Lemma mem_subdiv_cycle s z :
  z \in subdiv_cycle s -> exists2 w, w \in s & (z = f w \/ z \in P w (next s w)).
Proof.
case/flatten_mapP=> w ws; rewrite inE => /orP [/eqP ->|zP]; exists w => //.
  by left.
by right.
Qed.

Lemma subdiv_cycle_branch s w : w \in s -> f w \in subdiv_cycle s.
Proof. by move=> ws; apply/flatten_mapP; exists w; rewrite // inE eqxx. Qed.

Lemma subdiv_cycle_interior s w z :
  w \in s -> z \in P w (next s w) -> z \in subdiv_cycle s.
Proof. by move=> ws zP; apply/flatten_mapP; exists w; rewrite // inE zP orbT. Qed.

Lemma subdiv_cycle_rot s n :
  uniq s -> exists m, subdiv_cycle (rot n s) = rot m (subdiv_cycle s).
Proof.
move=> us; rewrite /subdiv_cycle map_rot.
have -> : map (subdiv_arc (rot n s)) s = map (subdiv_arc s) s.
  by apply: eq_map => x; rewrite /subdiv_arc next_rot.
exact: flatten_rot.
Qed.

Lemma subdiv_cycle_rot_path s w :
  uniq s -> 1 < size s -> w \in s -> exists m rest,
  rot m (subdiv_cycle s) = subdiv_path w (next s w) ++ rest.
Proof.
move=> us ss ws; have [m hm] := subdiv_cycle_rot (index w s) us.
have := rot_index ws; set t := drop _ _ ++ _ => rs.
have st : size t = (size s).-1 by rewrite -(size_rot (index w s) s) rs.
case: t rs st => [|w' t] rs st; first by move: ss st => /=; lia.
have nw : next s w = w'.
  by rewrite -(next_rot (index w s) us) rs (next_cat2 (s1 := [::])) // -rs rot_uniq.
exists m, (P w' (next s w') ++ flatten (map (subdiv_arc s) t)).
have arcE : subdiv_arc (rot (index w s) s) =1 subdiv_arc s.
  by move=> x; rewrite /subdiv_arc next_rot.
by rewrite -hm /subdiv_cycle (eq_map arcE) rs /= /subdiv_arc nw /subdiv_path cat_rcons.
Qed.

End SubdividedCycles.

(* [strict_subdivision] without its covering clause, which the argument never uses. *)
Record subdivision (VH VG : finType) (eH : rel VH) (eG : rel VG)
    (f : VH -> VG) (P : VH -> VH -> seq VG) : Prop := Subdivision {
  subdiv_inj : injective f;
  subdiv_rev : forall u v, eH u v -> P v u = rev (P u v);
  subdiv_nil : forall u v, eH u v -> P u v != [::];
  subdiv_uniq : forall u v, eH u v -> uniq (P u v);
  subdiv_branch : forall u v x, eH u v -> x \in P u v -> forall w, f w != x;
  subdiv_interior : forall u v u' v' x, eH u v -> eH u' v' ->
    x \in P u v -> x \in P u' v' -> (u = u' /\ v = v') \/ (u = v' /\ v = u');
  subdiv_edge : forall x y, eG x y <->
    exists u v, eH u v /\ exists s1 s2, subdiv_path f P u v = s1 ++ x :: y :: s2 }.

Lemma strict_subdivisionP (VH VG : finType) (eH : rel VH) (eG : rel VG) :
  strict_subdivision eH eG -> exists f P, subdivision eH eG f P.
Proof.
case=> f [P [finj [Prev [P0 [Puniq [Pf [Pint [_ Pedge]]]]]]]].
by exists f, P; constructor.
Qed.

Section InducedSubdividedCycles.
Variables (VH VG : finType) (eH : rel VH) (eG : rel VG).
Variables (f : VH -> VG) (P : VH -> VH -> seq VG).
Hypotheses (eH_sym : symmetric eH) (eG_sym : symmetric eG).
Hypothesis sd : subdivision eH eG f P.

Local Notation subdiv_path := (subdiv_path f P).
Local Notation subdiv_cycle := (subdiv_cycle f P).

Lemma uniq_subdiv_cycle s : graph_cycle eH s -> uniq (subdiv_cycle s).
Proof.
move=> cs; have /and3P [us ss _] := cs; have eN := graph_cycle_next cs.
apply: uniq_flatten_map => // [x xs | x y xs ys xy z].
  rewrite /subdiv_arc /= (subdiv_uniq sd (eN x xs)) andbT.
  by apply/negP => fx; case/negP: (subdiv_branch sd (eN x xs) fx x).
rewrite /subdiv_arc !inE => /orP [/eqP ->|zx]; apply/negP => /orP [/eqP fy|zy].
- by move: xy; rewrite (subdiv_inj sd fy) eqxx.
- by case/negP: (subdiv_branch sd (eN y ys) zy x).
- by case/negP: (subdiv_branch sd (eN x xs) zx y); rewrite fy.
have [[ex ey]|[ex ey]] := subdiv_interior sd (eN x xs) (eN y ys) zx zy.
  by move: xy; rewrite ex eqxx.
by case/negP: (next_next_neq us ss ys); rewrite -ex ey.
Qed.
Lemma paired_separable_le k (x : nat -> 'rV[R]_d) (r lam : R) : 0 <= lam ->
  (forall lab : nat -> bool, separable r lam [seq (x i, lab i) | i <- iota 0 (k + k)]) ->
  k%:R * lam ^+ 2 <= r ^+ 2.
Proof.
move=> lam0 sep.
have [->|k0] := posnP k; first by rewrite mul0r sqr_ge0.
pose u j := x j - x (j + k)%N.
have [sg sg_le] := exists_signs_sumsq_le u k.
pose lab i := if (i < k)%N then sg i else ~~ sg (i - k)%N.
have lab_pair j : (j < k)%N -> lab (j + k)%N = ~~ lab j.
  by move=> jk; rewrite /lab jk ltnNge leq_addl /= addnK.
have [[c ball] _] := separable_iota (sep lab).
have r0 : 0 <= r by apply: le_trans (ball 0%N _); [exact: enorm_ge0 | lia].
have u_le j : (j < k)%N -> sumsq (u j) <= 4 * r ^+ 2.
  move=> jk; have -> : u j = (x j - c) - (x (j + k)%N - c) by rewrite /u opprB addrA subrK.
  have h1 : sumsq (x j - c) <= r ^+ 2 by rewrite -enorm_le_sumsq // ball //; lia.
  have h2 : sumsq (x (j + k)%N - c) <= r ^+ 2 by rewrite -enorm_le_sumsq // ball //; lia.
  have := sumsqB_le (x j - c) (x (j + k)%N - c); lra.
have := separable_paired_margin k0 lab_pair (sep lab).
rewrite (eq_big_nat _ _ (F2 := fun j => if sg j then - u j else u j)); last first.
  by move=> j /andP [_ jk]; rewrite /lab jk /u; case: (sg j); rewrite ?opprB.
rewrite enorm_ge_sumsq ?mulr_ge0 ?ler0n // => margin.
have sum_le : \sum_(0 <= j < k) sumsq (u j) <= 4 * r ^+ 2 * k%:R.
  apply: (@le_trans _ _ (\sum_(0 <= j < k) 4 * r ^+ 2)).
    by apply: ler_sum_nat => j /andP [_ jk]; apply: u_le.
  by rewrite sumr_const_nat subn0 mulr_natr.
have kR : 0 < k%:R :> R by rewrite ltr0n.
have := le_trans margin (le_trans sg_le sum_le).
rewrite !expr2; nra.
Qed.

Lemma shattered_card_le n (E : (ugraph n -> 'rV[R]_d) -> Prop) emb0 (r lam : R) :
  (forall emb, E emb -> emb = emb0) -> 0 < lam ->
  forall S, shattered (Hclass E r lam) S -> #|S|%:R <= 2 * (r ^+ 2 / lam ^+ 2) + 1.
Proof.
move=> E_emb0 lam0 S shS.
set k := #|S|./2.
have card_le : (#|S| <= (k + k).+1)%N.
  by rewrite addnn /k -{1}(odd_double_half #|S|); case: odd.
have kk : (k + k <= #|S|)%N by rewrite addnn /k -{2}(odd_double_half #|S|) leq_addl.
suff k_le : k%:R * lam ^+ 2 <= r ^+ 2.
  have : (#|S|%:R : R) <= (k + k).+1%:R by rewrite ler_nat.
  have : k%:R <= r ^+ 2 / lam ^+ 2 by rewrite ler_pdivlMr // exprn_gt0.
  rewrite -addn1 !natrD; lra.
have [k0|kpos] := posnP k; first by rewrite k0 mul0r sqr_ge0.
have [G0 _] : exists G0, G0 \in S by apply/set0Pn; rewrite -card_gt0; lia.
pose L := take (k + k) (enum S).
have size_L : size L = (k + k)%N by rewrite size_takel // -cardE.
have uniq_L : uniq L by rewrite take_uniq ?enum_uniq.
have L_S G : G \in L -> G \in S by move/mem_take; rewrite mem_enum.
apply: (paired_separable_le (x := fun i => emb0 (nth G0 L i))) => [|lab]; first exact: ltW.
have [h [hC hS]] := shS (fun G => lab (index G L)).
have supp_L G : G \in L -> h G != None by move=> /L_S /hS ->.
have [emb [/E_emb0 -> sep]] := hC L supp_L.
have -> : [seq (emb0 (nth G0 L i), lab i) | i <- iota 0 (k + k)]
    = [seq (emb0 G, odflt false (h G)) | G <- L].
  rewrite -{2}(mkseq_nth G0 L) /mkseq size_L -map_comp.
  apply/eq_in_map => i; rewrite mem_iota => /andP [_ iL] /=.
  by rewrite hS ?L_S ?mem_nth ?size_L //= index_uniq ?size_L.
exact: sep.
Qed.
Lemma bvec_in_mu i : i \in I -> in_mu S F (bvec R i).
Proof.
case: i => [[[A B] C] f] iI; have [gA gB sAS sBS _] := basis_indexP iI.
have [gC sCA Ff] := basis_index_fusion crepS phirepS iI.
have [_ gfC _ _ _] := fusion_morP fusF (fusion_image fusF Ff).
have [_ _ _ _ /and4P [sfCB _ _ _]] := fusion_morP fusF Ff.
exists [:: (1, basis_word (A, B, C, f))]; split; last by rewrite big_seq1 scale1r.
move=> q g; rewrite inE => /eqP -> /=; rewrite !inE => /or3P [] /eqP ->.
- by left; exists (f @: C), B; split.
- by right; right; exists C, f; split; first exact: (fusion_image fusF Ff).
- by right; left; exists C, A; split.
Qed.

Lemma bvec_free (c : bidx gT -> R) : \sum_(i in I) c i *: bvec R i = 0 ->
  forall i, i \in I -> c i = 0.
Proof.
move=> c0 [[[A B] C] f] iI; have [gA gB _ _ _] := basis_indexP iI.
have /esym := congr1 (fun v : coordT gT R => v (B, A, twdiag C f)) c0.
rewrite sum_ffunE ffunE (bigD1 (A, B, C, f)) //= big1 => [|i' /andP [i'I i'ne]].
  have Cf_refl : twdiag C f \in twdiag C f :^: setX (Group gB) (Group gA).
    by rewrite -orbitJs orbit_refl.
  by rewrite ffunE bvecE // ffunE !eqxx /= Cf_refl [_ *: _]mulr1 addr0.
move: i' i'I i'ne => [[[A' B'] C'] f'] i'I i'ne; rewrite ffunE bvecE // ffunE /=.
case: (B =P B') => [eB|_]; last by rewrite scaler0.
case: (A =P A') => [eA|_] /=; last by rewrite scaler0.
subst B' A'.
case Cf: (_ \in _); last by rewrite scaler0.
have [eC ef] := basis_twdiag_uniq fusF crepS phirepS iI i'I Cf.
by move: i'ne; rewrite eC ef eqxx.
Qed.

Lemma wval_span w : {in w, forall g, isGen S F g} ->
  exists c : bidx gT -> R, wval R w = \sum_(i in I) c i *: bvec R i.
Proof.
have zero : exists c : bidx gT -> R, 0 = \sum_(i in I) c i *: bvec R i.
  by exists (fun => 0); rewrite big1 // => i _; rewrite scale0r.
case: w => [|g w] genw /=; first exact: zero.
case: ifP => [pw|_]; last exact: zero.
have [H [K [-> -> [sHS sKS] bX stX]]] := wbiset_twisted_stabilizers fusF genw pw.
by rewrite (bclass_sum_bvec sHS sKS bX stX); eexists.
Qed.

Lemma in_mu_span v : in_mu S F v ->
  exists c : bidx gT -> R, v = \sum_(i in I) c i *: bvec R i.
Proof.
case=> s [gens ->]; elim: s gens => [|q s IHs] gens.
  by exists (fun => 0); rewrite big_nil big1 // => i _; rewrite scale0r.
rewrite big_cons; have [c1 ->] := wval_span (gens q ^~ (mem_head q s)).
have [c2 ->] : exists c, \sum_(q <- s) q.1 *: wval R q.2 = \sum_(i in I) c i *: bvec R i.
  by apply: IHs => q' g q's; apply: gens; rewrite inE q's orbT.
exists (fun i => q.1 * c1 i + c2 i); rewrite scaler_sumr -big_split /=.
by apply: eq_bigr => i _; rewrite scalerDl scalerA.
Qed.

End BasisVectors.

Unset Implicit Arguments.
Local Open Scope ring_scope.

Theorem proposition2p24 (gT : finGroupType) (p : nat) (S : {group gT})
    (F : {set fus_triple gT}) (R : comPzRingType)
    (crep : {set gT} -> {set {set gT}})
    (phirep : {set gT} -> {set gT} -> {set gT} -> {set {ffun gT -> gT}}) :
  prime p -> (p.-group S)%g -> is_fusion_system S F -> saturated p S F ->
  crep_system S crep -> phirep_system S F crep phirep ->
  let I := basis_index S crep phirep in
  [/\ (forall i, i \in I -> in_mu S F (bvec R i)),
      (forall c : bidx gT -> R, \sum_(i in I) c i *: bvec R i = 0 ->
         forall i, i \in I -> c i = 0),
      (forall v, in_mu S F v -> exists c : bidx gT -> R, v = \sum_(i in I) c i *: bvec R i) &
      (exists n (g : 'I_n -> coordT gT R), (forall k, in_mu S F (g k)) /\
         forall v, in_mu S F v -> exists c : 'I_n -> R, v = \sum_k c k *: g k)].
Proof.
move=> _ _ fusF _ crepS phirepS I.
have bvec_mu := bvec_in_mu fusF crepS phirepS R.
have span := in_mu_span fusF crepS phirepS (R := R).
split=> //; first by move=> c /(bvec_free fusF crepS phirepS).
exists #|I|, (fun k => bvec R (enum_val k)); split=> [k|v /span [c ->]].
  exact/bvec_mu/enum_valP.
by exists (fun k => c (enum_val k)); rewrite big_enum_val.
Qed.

- [YOUR TASK]
Looking at the records above, how many lines include "negP"? Please give the number and nothing more.

- [ANSWER SECTION]
5